● **What you should do**
Once the line holding "have [yu|nyu] := eqVneq y u." is found in the listing below, write it out and each later line exactly, up to and including the one holding "apply/subsetP => S; rewrite !inE".

● **Data to process**
#####

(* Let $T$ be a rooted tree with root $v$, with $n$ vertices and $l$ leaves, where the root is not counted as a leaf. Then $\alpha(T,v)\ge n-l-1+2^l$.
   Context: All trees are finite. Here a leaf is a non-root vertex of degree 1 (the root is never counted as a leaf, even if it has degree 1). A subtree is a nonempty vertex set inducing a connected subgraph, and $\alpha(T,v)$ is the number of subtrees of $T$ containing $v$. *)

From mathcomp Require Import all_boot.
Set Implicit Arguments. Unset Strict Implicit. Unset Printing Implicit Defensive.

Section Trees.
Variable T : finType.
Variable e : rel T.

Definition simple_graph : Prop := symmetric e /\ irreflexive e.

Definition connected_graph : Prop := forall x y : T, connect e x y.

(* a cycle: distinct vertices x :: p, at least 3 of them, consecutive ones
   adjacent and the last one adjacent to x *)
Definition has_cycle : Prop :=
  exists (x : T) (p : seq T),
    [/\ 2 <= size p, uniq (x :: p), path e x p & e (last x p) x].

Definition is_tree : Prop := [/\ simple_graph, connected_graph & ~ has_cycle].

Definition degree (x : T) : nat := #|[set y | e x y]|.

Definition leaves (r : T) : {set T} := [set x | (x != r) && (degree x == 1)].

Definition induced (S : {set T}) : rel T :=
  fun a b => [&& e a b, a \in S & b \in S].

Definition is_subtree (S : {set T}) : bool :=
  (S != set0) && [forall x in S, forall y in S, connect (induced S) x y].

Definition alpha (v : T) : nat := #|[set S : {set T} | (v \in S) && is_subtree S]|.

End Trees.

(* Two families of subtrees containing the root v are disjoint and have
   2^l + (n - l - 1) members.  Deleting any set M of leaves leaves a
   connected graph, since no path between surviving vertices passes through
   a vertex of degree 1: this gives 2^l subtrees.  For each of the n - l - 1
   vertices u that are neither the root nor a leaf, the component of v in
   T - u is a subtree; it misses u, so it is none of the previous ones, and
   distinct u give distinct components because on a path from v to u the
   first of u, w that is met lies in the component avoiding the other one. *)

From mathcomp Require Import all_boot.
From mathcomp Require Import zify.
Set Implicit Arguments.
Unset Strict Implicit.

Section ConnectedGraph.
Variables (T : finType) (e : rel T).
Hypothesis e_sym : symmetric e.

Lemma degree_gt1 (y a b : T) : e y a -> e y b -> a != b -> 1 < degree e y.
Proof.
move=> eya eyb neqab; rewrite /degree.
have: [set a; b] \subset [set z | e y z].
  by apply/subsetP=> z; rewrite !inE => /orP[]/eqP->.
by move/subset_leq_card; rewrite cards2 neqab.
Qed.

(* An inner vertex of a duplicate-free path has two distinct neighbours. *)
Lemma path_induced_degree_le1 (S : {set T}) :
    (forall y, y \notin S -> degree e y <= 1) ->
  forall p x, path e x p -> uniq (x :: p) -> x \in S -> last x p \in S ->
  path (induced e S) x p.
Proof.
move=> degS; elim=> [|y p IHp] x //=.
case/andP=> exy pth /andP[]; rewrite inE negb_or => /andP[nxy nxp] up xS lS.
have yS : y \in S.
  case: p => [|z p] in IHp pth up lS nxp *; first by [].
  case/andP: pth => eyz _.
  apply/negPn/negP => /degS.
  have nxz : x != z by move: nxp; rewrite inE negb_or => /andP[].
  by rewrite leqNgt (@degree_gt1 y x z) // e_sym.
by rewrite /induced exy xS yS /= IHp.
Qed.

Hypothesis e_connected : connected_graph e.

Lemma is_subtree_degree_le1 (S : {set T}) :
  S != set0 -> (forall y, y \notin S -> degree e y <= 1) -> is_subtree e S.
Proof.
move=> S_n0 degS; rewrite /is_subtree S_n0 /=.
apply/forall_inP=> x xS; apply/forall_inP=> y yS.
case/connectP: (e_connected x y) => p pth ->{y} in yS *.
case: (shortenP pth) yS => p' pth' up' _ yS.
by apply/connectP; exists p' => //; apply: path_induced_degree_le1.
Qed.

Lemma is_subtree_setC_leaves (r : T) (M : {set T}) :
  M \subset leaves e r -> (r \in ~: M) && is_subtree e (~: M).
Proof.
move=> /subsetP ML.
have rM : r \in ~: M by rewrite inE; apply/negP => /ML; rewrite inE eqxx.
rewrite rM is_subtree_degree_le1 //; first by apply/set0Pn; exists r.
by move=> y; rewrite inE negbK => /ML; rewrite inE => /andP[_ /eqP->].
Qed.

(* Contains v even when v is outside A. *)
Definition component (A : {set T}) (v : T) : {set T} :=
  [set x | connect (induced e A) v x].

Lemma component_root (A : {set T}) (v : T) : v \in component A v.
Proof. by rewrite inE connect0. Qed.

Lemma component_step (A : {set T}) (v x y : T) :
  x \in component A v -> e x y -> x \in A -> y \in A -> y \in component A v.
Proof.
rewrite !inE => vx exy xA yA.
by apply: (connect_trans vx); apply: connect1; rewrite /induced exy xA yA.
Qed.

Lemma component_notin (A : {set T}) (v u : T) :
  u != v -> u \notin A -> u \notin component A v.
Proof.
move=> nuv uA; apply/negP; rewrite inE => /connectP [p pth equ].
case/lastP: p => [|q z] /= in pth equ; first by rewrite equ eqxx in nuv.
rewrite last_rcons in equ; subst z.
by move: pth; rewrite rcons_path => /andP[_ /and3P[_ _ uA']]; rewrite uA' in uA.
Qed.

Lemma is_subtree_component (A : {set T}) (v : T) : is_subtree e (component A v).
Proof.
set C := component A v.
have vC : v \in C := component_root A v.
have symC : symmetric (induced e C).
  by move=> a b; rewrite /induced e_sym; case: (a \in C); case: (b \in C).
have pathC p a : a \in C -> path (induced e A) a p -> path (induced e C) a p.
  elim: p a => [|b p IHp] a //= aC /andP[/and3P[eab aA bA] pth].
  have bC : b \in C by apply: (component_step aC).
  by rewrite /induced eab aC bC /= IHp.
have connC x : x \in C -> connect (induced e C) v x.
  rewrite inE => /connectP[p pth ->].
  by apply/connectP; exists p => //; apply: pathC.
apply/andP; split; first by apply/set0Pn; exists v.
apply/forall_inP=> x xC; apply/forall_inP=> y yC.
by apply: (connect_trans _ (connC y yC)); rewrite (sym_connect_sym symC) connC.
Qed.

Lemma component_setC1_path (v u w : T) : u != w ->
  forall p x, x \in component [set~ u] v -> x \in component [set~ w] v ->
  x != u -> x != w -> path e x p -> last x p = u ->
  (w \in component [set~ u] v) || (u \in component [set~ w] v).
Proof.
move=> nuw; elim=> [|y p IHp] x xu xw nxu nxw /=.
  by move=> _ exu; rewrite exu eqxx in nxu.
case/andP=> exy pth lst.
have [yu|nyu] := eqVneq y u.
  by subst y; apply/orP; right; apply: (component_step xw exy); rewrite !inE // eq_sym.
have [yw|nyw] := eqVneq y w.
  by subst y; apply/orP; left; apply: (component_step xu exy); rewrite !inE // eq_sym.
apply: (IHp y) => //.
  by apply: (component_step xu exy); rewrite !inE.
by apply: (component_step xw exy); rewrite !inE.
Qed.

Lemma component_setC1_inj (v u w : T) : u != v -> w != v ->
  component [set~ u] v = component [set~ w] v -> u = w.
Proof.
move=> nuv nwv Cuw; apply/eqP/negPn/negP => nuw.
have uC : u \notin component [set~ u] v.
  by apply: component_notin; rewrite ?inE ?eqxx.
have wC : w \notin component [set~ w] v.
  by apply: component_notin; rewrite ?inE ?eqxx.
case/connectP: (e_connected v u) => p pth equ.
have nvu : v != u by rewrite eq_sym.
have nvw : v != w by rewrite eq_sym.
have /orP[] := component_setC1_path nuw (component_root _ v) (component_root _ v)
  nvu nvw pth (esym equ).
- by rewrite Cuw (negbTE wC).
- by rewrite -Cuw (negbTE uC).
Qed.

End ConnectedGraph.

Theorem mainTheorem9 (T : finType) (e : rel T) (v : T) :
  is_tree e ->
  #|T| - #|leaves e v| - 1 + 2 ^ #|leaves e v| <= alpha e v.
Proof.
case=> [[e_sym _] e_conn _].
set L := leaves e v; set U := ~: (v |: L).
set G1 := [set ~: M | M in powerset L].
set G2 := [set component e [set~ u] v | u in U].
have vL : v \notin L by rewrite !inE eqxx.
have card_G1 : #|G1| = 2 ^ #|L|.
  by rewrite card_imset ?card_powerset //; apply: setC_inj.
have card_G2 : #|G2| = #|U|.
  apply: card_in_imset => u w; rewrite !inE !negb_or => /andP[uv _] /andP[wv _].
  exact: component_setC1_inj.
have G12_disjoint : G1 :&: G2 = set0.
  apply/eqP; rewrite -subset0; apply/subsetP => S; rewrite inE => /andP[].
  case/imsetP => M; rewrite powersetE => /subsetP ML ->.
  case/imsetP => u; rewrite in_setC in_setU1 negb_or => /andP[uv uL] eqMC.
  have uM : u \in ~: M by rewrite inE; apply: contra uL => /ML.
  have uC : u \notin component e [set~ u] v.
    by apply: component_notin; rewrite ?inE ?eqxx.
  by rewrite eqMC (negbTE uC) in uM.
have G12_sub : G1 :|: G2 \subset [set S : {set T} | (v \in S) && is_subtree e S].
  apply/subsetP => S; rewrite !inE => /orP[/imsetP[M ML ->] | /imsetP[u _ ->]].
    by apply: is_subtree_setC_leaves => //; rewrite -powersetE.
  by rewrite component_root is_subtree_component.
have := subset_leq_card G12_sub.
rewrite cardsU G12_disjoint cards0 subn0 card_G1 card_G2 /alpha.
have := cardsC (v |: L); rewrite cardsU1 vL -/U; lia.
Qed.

#####

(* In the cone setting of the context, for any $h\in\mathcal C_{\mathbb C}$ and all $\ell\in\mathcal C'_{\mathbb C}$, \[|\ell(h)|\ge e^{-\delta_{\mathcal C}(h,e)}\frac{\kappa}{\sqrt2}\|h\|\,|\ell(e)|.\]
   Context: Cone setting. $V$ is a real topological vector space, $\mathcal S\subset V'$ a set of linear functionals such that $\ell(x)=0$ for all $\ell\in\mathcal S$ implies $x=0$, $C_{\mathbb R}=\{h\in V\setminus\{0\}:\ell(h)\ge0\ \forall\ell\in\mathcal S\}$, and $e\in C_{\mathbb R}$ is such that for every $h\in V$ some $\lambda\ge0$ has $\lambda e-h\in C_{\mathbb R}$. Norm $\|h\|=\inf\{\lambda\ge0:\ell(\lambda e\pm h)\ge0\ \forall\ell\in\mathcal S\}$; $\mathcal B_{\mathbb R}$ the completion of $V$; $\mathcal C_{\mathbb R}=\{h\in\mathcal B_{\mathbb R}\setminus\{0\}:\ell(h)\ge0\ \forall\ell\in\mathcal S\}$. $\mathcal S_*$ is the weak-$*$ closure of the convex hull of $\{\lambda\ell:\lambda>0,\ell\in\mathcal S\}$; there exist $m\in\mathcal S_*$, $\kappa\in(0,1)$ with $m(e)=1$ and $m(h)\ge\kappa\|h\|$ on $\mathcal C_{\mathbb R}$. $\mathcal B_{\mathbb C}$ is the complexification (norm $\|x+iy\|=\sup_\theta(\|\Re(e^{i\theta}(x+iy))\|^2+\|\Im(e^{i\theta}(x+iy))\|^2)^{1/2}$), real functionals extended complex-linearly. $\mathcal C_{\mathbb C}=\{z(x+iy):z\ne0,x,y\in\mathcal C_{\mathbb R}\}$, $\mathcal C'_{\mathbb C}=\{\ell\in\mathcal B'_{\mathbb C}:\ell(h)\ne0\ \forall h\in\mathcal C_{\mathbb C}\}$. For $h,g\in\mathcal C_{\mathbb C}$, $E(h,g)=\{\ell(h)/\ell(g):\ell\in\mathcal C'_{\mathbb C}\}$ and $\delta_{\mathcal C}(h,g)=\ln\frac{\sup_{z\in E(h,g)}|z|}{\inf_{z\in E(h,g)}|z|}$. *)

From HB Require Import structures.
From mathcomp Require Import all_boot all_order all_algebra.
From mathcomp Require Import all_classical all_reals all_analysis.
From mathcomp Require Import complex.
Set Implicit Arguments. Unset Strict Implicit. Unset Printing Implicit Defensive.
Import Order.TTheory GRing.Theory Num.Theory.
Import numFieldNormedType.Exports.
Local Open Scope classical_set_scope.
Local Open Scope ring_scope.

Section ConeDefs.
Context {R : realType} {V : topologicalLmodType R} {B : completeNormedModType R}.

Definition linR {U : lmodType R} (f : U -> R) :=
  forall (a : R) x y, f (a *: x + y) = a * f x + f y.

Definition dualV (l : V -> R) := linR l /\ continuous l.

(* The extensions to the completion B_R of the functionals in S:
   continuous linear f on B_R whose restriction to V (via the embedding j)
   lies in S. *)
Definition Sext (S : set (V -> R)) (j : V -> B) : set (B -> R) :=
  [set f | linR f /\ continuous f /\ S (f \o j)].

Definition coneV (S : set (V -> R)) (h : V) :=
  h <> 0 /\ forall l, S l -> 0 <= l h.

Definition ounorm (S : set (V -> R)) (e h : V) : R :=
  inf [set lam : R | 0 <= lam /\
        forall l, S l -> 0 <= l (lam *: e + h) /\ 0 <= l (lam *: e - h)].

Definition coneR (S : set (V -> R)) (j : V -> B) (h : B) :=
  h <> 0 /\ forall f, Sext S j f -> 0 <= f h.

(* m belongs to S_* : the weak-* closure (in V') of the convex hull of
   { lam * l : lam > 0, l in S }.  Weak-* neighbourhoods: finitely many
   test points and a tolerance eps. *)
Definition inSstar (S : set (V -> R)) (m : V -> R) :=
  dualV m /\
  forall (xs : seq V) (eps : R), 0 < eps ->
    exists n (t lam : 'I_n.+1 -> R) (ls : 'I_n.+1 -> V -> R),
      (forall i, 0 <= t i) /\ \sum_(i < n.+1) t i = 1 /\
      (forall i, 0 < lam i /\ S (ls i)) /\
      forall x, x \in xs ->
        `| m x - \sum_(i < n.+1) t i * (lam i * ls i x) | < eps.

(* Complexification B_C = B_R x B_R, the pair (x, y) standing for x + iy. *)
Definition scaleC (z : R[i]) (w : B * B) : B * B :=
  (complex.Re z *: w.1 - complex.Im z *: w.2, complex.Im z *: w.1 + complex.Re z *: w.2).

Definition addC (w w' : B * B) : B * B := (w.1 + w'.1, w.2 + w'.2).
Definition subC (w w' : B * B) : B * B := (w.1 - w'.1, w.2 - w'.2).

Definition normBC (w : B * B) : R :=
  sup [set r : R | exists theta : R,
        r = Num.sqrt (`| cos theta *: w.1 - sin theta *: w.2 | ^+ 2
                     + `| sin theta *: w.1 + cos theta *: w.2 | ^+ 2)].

#####

● **Written response**
have [yu|nyu] := eqVneq y u.
  by subst y; apply/orP; right; apply: (component_step xw exy); rewrite !inE // eq_sym.
have [yw|nyw] := eqVneq y w.
  by subst y; apply/orP; left; apply: (component_step xu exy); rewrite !inE // eq_sym.
apply: (IHp y) => //.
  by apply: (component_step xu exy); rewrite !inE.
by apply: (component_step xw exy); rewrite !inE.
Qed.

Lemma component_setC1_inj (v u w : T) : u != v -> w != v ->
  component [set~ u] v = component [set~ w] v -> u = w.
Proof.
move=> nuv nwv Cuw; apply/eqP/negPn/negP => nuw.
have uC : u \notin component [set~ u] v.
  by apply: component_notin; rewrite ?inE ?eqxx.
have wC : w \notin component [set~ w] v.
  by apply: component_notin; rewrite ?inE ?eqxx.
case/connectP: (e_connected v u) => p pth equ.
have nvu : v != u by rewrite eq_sym.
have nvw : v != w by rewrite eq_sym.
have /orP[] := component_setC1_path nuw (component_root _ v) (component_root _ v)
  nvu nvw pth (esym equ).
- by rewrite Cuw (negbTE wC).
- by rewrite -Cuw (negbTE uC).
Qed.

End ConnectedGraph.

Theorem mainTheorem9 (T : finType) (e : rel T) (v : T) :
  is_tree e ->
  #|T| - #|leaves e v| - 1 + 2 ^ #|leaves e v| <= alpha e v.
Proof.
case=> [[e_sym _] e_conn _].
set L := leaves e v; set U := ~: (v |: L).
set G1 := [set ~: M | M in powerset L].
set G2 := [set component e [set~ u] v | u in U].
have vL : v \notin L by rewrite !inE eqxx.
have card_G1 : #|G1| = 2 ^ #|L|.
  by rewrite card_imset ?card_powerset //; apply: setC_inj.
have card_G2 : #|G2| = #|U|.
  apply: card_in_imset => u w; rewrite !inE !negb_or => /andP[uv _] /andP[wv _].
  exact: component_setC1_inj.
have G12_disjoint : G1 :&: G2 = set0.
  apply/eqP; rewrite -subset0; apply/subsetP => S; rewrite inE => /andP[].
  case/imsetP => M; rewrite powersetE => /subsetP ML ->.
  case/imsetP => u; rewrite in_setC in_setU1 negb_or => /andP[uv uL] eqMC.
  have uM : u \in ~: M by rewrite inE; apply: contra uL => /ML.
  have uC : u \notin component e [set~ u] v.
    by apply: component_notin; rewrite ?inE ?eqxx.
  by rewrite eqMC (negbTE uC) in uM.
have G12_sub : G1 :|: G2 \subset [set S : {set T} | (v \in S) && is_subtree e S].
  apply/subsetP => S; rewrite !inE => /orP[/imsetP[M ML ->] | /imsetP[u _ ->]].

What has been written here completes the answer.